FLAMES Dataset: Multimodal AI Benchmarks

Updated 28 August 2025

FLAMES Dataset is a collection of diverse, domain-specific benchmarks including wildfire imagery, industrial flame segmentation, federated robotic manipulation, math reasoning, and LLM value alignment.
It integrates varied modalities such as high-resolution RGB, thermal, synthetic images, and adversarial text prompts to challenge and refine classical and deep learning methods.
The datasets provide actionable insights through precise annotations, sensor data, and policy-driven frameworks, driving innovation in computer vision, robotics, natural language processing, and combustion diagnostics.

The term "FLAMES Dataset" encompasses several distinct datasets and benchmarks introduced under the acronym FLAMES, each contributing to different research domains such as wildfire image analysis, industrial flame segmentation, federated robotic manipulation, mathematical reasoning with LLMs, and adversarial value alignment for LLMs. These datasets are unified by their focus on challenging real-world or synthetic image, video, or text domains but differ fundamentally in modality, scope, and application. The following sections provide a systematic and comprehensive survey of the principal FLAMES datasets referenced in the academic literature.

1. Wildfire Image and Video Datasets

Multiple FLAME datasets have been established to support AI-driven wildfire detection, segmentation, and monitoring tasks, utilizing data from unmanned aerial vehicles (UAVs), thermal sensors, and generative models.

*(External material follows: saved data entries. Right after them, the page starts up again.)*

(* Let $m,r$ be positive integers, let $W\in\mathbb{R}^{m\times m}$ be a fixed real symmetric matrix, $\lambda\ge 0$, $L\ge 1$, and $0<\eta\le 1/L$. Let $F(W,U):=\frac{1}{2}\|W-UU^{T}\|_{F}^{2}$ for $U\in\mathbb{R}^{m\times r}$, so that $\nabla_{U}F(W,U)=2(UU^{T}-W)U$, and let \[ \psi(U):= \frac{3}{2}\|U\|_{F}^{4}+\|W\|_{F}\|U\|_{F}^{2},\qquad \nabla\psi(U)=6\|U\|_F^2U+2\|W\|_F U. \] Given $\bar{U}\in\mathbb{R}^{m\times r}$, let \[ U^{+}=\mathrm{arg\,min}_{U\in\mathbb{R}^{m\times r}}\ \frac{\lambda}{2}\|U\|_{F}^{2} +\langle \nabla_{U}F(W,\bar{U}),U-\bar{U}\rangle +\frac{1}{\eta} D_{\psi}(U,\bar{U}). \] Set $G:=\nabla\psi(\bar{U})-\eta\nabla_{U}F(W,\bar{U})$. Then \[ U^{+}=\frac{1}{t}\,G, \] where $t\ge 0$ satisfies $t^{3}-(\lambda\eta+2\|W\|_{F})t^{2}-6\|G\|_{F}^{2}=0$.
   Context: $\|\cdot\|_F$ is the Frobenius norm and $\langle Y_1,Y_2\rangle:=\mathrm{tr}(Y_1^{T}Y_2)$. The Bregman distance of $\psi$ is $D_{\psi}(X,Y):=\psi(X)-\psi(Y)-\langle\nabla\psi(Y),X-Y\rangle$. In the paper, $W=W^{k+1}$ and $\bar{U}=\bar{U}^{k}$ are current iterates of an alternating algorithm, $U^{+}=U^{k+1}$, $G=G^{k}$, and $t=t_k$. *)

From HB Require Import structures.
From mathcomp Require Import all_boot all_order all_algebra.
From mathcomp Require Import reals.
Set Implicit Arguments. Unset Strict Implicit. Unset Printing Implicit Defensive.
Import Order.TTheory GRing.Theory Num.Theory.
Local Open Scope ring_scope.

Section Defs.
Variable R : realType.

Definition frob_inner (m r : nat) (Y1 Y2 : 'M[R]_(m, r)) : R := \tr (Y1^T *m Y2).

Definition frob_norm (m r : nat) (Y : 'M[R]_(m, r)) : R := Num.sqrt (frob_inner Y Y).

Definition Fobj (m r : nat) (W : 'M[R]_m) (U : 'M[R]_(m, r)) : R :=
  2^-1 * frob_norm (W - U *m U^T) ^+ 2.

Definition gradF (m r : nat) (W : 'M[R]_m) (U : 'M[R]_(m, r)) : 'M[R]_(m, r) :=
  2%:R *: ((U *m U^T - W) *m U).

Definition psi (m r : nat) (W : 'M[R]_m) (U : 'M[R]_(m, r)) : R :=
  3%:R / 2%:R * frob_norm U ^+ 4 + frob_norm W * frob_norm U ^+ 2.

Definition gradpsi (m r : nat) (W : 'M[R]_m) (U : 'M[R]_(m, r)) : 'M[R]_(m, r) :=
  (6%:R * frob_norm U ^+ 2) *: U + (2%:R * frob_norm W) *: U.

Definition bregman (m r : nat) (W : 'M[R]_m) (X Y : 'M[R]_(m, r)) : R :=
  psi W X - psi W Y - frob_inner (gradpsi W Y) (X - Y).

Definition subobj (m r : nat) (W : 'M[R]_m) (lam eta : R) (Ubar U : 'M[R]_(m, r)) : R :=
  lam / 2%:R * frob_norm U ^+ 2 + frob_inner (gradF W Ubar) (U - Ubar)
  + eta^-1 * bregman W U Ubar.

End Defs.

(* A minimiser U+ of the subproblem objective phi is stationary: phi (U+ + s D) - phi U+
   is s <t U+ - G, D> / eta plus a multiple of s^2 that stays bounded for |s| <= 1, where
   t = lam eta + 2 ||W|| + 6 ||U+||^2 comes from the gradient of the Bregman term.  A
   nonnegative function of that shape has vanishing linear coefficient, and D = t U+ - G
   then yields G = t U+.  Hence ||G||^2 = t^2 ||U+||^2, which makes t a nonnegative root
   of the cubic; writing a = lam eta + 2 ||W||, the cubic reads x^2 (x - a) = t^2 (t - a),
   and x |-> x^2 (x - a) is injective on its positive values, so t is the only
   nonnegative root when U+ <> 0 (and U+ = G = 0 otherwise). *)

From HB Require Import structures.
From mathcomp Require Import all_boot all_order all_algebra.
From mathcomp Require Import reals.
From mathcomp Require Import ring lra.
Set Implicit Arguments. Unset Strict Implicit. Unset Printing Implicit Defensive.
Import Order.TTheory GRing.Theory Num.Theory.
Local Open Scope ring_scope.

Section FrobeniusInner.
Variables (R : realType) (m r : nat).
Implicit Types X Y Z : 'M[R]_(m, r).

Lemma frob_innerC X Y : frob_inner X Y = frob_inner Y X.
Proof. by rewrite /frob_inner -mxtrace_tr trmx_mul trmxK. Qed.

Lemma frob_innerDr X Y Z : frob_inner X (Y + Z) = frob_inner X Y + frob_inner X Z.
Proof. by rewrite /frob_inner mulmxDr mxtraceD. Qed.

Lemma frob_innerZr X a Y : frob_inner X (a *: Y) = a * frob_inner X Y.
Proof. by rewrite /frob_inner -scalemxAr mxtraceZ. Qed.

Lemma frob_innerBr X Y Z : frob_inner X (Y - Z) = frob_inner X Y - frob_inner X Z.
Proof. by rewrite -scaleN1r frob_innerDr frob_innerZr mulN1r. Qed.

Lemma frob_innerDl X Y Z : frob_inner (Y + Z) X = frob_inner Y X + frob_inner Z X.
Proof. by rewrite frob_innerC frob_innerDr !(frob_innerC X). Qed.

Lemma frob_innerZl X a Y : frob_inner (a *: Y) X = a * frob_inner Y X.
Proof. by rewrite frob_innerC frob_innerZr frob_innerC. Qed.

Lemma frob_innerBl X Y Z : frob_inner (Y - Z) X = frob_inner Y X - frob_inner Z X.
Proof. by rewrite frob_innerC frob_innerBr !(frob_innerC X). Qed.

Lemma frob_inner_sum X : frob_inner X X = \sum_i \sum_j X j i ^+ 2.
Proof.
rewrite /frob_inner /mxtrace; apply: eq_bigr => i _; rewrite mxE.
by apply: eq_bigr => j _; rewrite mxE expr2.
Qed.

Lemma frob_inner_ge0 X : 0 <= frob_inner X X.
Proof. by rewrite frob_inner_sum; do 2![apply: sumr_ge0 => ? _]; apply: sqr_ge0. Qed.

Lemma frob_inner_eq0 X : (frob_inner X X == 0) = (X == 0).
Proof.
apply/idP/eqP => [|->]; last first.
  by rewrite frob_inner_sum big1 // => i _; rewrite big1 // => j _; rewrite mxE expr0n.
have entry_ge0 i j : 0 <= X j i ^+ 2 := sqr_ge0 _.
have col_ge0 i : 0 <= \sum_j X j i ^+ 2 := sumr_ge0 _ (fun j _ => entry_ge0 i j).
move/eqP; rewrite frob_inner_sum => /(psumr_eq0P (fun i _ => col_ge0 i)) col0.
apply/matrixP => j i; apply/eqP; rewrite mxE -sqrf_eq0; apply/eqP.
exact: psumr_eq0P (fun j _ => entry_ge0 i j) (col0 i isT) j isT.
Qed.

Lemma frob_norm_sqr X : frob_norm X ^+ 2 = frob_inner X X.
Proof. by rewrite sqr_sqrtr // frob_inner_ge0. Qed.

End FrobeniusInner.

Lemma linear_coef_eq0_of_ge0 (R : realFieldType) (c M : R) (q : R -> R) :
  (forall s, `|s| <= 1 -> `|q s| <= M) ->
  (forall s, `|s| <= 1 -> 0 <= s * c + s ^+ 2 * q s) -> c = 0.
Proof.
move=> qM hge0; apply/eqP; apply: contraT => c_neq0.
have M_ge0 : 0 <= M by apply: le_trans (qM 0 _); rewrite ?normr0.
(* At [s = - c / (|c| + M)] the expression is at most [- c^2 |c| / (|c| + M)^2]. *)
pose d : R := `|c| + M; pose s := - (c / d).
have d_gt0 : 0 < d by rewrite /d ltr_wpDr // normr_gt0.
have s_le1 : `|s| <= 1.
  by rewrite normrN normf_div (gtr0_norm d_gt0) ler_pdivrMr // mul1r lerDl.
have := hge0 s s_le1.
have := ler_wpM2l (sqr_ge0 s) (le_trans (ler_norm (q s)) (qM s s_le1)).
suff : s * c + s ^+ 2 * M < 0 by lra.
have -> : s * c + s ^+ 2 * M = - (c ^+ 2 * `|c|) / d ^+ 2.
  by rewrite /s /d; field; rewrite lt0r_neq0.
by rewrite mulNr oppr_lt0 divr_gt0 ?exprn_gt0 // mulr_gt0 ?normr_gt0 // exprn_even_gt0.
Qed.

Lemma quadratic_norm_le (R : realDomainType) (k0 k1 k2 s : R) :
  `|s| <= 1 -> `|k0 + k1 * s + k2 * s ^+ 2| <= `|k0| + `|k1| + `|k2|.
Proof.
move=> s_le1; rewrite (le_trans (ler_normD _ _)) // lerD //.
  by rewrite (le_trans (ler_normD _ _)) // lerD // normrM ler_piMr.
by rewrite normrM normrX ler_piMr // exprn_ile1.
Qed.

Lemma cubic_root_unique (R : realFieldType) (a t u : R) :
  0 <= a -> 0 <= t -> a < u -> t ^+ 2 * (t - a) = u ^+ 2 * (u - a) -> t = u.
Proof.
move=> a_ge0 t_ge0 au htu.
have ta : a < t.
  rewrite ltNge; apply/negP => ta.
  have : t ^+ 2 * (t - a) <= 0 by rewrite mulr_ge0_le0 ?sqr_ge0 ?subr_le0.
  by rewrite htu leNgt mulr_gt0 ?exprn_gt0 ?subr_gt0 //; lra.
have : (t - u) * (t * (t - a) + u * (u - a) + t * u) = 0.
  by rewrite -(subrr (u ^+ 2 * (u - a))) -{1}htu; ring.
have pos : 0 < t * (t - a) + u * (u - a) + t * u.
  have u_gt0 : 0 < u := le_lt_trans a_ge0 au.
  have : 0 < u * (u - a) by rewrite mulr_gt0 ?subr_gt0.
  have : 0 <= t * (t - a) by rewrite mulr_ge0 // subr_ge0 ltW.
  have : 0 <= t * u by rewrite mulr_ge0 // ltW.
  lra.
by move/eqP; rewrite mulf_eq0 (gt_eqF pos) orbF subr_eq0 => /eqP.
Qed.

Section Subproblem.
Variables (R : realType) (m r : nat) (W : 'M[R]_m) (lam eta : R).
Variable Ubar : 'M[R]_(m, r).
Hypothesis eta_neq0 : eta != 0.

Let G := gradpsi W Ubar - eta *: gradF W Ubar.
Let t_of (U : 'M[R]_(m, r)) := lam * eta + 2%:R * frob_norm W + 6%:R * frob_norm U ^+ 2.

Lemma subobj_shift (U D : 'M[R]_(m, r)) : exists k0 k1 k2 : R, forall s,
  subobj W lam eta Ubar (U + s *: D) - subobj W lam eta Ubar U =
  s * (eta^-1 * frob_inner (t_of U *: U - G) D) + s ^+ 2 * (k0 + k1 * s + k2 * s ^+ 2).
Proof.
pose A := frob_inner U U; pose B := frob_inner U D; pose C := frob_inner D D.
exists (lam / 2%:R * C + eta^-1 * (6%:R * B ^+ 2 + 3%:R * A * C + frob_norm W * C)),
  (6%:R * eta^-1 * B * C), (3%:R / 2%:R * eta^-1 * C ^+ 2) => s.
have norm4E (V : 'M[R]_(m, r)) : frob_norm V ^+ 4 = frob_inner V V ^+ 2.
  by rewrite -frob_norm_sqr -exprM.
have shiftE : frob_inner (U + s *: D) (U + s *: D) = A + 2%:R * s * B + s ^+ 2 * C.
  by rewrite frob_innerDl !frob_innerDr !frob_innerZl !frob_innerZr (frob_innerC D U); ring.
rewrite /subobj /bregman /psi /t_of /G !norm4E !frob_norm_sqr shiftE -/A.
rewrite !frob_innerBr !frob_innerDr !frob_innerZr !frob_innerBl !frob_innerZl.
by rewrite -/B; field.
Qed.

Lemma subobj_min_stationary (U : 'M[R]_(m, r)) :
  (forall V, subobj W lam eta Ubar U <= subobj W lam eta Ubar V) -> G = t_of U *: U.
Proof.
move=> U_min; pose D := t_of U *: U - G.
have [k0 [k1 [k2 shiftE]]] := subobj_shift U D.
have : eta^-1 * frob_inner D D = 0.
  apply: (@linear_coef_eq0_of_ge0 _ _ (`|k0| + `|k1| + `|k2|)
           (fun s => k0 + k1 * s + k2 * s ^+ 2)) => s s_le1.
    exact: quadratic_norm_le.
  by rewrite -shiftE subr_ge0.
by move/eqP; rewrite mulf_eq0 invr_eq0 (negbTE eta_neq0) frob_inner_eq0 subr_eq0 => /eqP.
Qed.

End Subproblem.

Theorem proposition2 (R : realType) (m r : nat) (hm : (0 < m)%N) (hr : (0 < r)%N)
  (W : 'M[R]_m) (hW : W^T = W) (lam L eta : R)
  (hlam : 0 <= lam) (hL : 1 <= L) (heta0 : 0 < eta) (heta1 : eta <= L^-1)
  (Ubar Uplus : 'M[R]_(m, r))
  (hmin : forall U : 'M[R]_(m, r), subobj W lam eta Ubar Uplus <= subobj W lam eta Ubar U) :
  let G := gradpsi W Ubar - eta *: gradF W Ubar in
  (exists t : R, 0 <= t /\
     t ^+ 3 - (lam * eta + 2%:R * frob_norm W) * t ^+ 2 - 6%:R * frob_norm G ^+ 2 = 0) /\
  (forall t : R, 0 <= t ->
     t ^+ 3 - (lam * eta + 2%:R * frob_norm W) * t ^+ 2 - 6%:R * frob_norm G ^+ 2 = 0 ->
     Uplus = t^-1 *: G).
Proof.
move=> G.
pose a := lam * eta + 2%:R * frob_norm W; pose A := frob_norm Uplus ^+ 2.
have a_ge0 : 0 <= a by rewrite addr_ge0 ?mulr_ge0 ?sqrtr_ge0 // ltW.
have A_ge0 : 0 <= A := sqr_ge0 _.
have GE : G = (a + 6%:R * A) *: Uplus by apply: subobj_min_stationary hmin; rewrite gt_eqF.
have normGE : frob_norm G ^+ 2 = (a + 6%:R * A) ^+ 2 * A.
  by rewrite GE frob_norm_sqr frob_innerZl frob_innerZr /A frob_norm_sqr mulrA -expr2.
rewrite -/a normGE; split.
  exists (a + 6%:R * A); split; first by rewrite addr_ge0 // mulr_ge0.
  by ring.
move=> t t_ge0 ht.
have [U0|U_neq0] := eqVneq Uplus 0; first by rewrite GE U0 !scaler0.
have A_gt0 : 0 < A by rewrite lt_def A_ge0 andbT /A frob_norm_sqr frob_inner_eq0.
have a_lt : a < a + 6%:R * A by rewrite ltrDl mulr_gt0.
have -> : t = a + 6%:R * A.
  apply: cubic_root_unique a_ge0 t_ge0 a_lt _.
  by apply/eqP; rewrite -subr_eq0 -ht; apply/eqP; ring.
by rewrite GE scalerA mulVf ?scale1r // gt_eqF // (le_lt_trans a_ge0 a_lt).
Qed.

Aerial Visual and Thermal Imagery (FLAME, FLAME 3, FLAME Diffuser, AccSampler):

The original FLAME dataset comprises aerial imagery (RGB and thermal video recordings) of prescribed pile burns in pine forest environments (Shamsoshoara et al., 2020). Imagery is acquired via drones equipped with visible-spectrum cameras (DJI Zenmuse X4S, Phantom 3) and thermal sensors (FLIR Vue Pro R). The data are annotated frame-wise for both binary fire/no-fire classification and pixel-level fire segmentation, with ground truth masks available for benchmarking deep neural models.
FLAME 3 (Hopkins et al., 3 Dec 2024) extends this approach, providing paired high-resolution RGB and radiometric thermal TIFFs. The thermal data is not limited to color-mapped JPEGs but includes raw temperature values per pixel, facilitating precise segmentation and temperature regression tasks. The collection includes nadir thermal plots, 3D point clouds, and geo-referenced orthomosaics.
FLAME Diffuser (Wang et al., 6 Mar 2024) introduces a synthetic image generation framework based on mask-guided diffusion. It operates training-free, generating annotated wildfire imagery by fusing real or mathematically generated masks (augmented with Perlin noise) with raw images via a variational autoencoder. CLIP-based filtering ensures only contextually pertinent, high-quality images are retained in the synthesized dataset.
AccSampler (Zhao et al., 31 Aug 2024) repurposes the FLAME dataset for video classification, employing a lightweight deep-learning pipeline for real-time UAV monitoring. A policy network and station point concept guide adaptive frame selection and clip mixup compression, streamlining dataset creation for downstream models by distilling videos into salient representative frames.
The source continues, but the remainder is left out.